The US Food and Drug Administration (FDA) has awarded a De Novo classification grant and authorisation to Zimmer Biomet and Canary Medical to market the tibial extension for Persona IQ for total knee replacement surgery.
The first-ever smart knee in the world to receive FDA clearance, Persona IQ merges Zimmer’s established knee implant, Persona The Personalized Knee, with Canary’s implantable canturio te tibial extension sensor technology.
The canturio te technology can assess and determine range of motion, step count and walking speed, as well as various other gait metrics.
Furthermore, Persona IQ will work with various other components from Zimmer’s ZBEdge Connected Intelligence Suite, including the mymobility with Apple Watch remote care management platform.
Once surgically positioned in the knee, Persona IQ records and wirelessly sends a broad range of gait data to the personal base station at the patient’s home.
The data is sent to a Cloud-based platform, where surgeons can monitor post-surgery recovery progress by analysing pre-operative mobility metrics, obtained by mymobility, with post-operative gait metrics captured by Persona IQ.

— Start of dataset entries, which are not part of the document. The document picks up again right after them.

Definition dets_shift := (det012_shift, det013_shift, det023_shift, det024_shift).

Lemma x_dets_shift : shift_equivariant x_dets.
Proof. by move=> V i j; rewrite /x_dets !dets_shift !addrA. Qed.
Lemma y_dets_shift : shift_equivariant y_dets.
Proof. by move=> V i j; rewrite /y_dets !dets_shift !addrA. Qed.
Lemma x_factor_shift : shift_equivariant x_factor.
Proof. by move=> V i j; rewrite /x_factor !dets_shift !addrA. Qed.
Lemma y_factor_shift : shift_equivariant y_factor.
Proof. by move=> V i j; rewrite /y_factor !dets_shift !addrA. Qed.
Lemma xinv_shift : shift_equivariant (@xinv R).
Proof. by move=> V i j; rewrite /xinv /x_args /shift !addrA. Qed.
Lemma yinv_shift : shift_equivariant (@yinv R).
Proof. by move=> V i j; rewrite /yinv /y_args /shift !addrA. Qed.

Lemma corner_defined_shift V i j : corner_defined (shift i V) j = corner_defined V (i + j).
Proof. by rewrite /corner_defined /x_args /y_args /shift !addrA. Qed.

Lemma shift_pentagram V i : shift i (pentagram V) = pentagram (shift i V).
Proof. by apply: functional_extensionality => k; rewrite /shift /pentagram !addrA. Qed.

Lemma nondegenerate_shift V i : nondegenerate V -> nondegenerate (shift i V).
Proof. by case=> h012 h013 h023 h024; split=> j; rewrite dets_shift. Qed.

Lemma corner_x V i : corner_defined V i ->
  [/\ xinv V i = x_dets V i, det023 V (i - 2) != 0 & det023 V (i - 1) != 0].
Proof.
have corner_x0 W : corner_defined W 0 ->
    [/\ xinv W 0 = x_dets W 0, det023 W (-2) != 0 & det023 W (-1) != 0].
  by case/andP=> /crossratio_x_meets.
by have := corner_x0 (shift i V); rewrite corner_defined_shift xinv_shift x_dets_shift !det023_shift addr0.
Qed.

Furthermore, the data from Persona IQ will be seamlessly merged with pre-, intra- and post-operative data obtained by the ZBEdge Connected Intelligence Suite and evaluated by the OrthoIntel Orthopedic Intelligence Platform to offer objective data to surgeons as an add on to patient care.
Canary Medical CEO William Hunter said: “After almost a decade of development and designation by FDA as a breakthrough device, we’re proud that our CANARY canturio te technology has enabled Zimmer Biomet to debut the world’s first smart knee implant.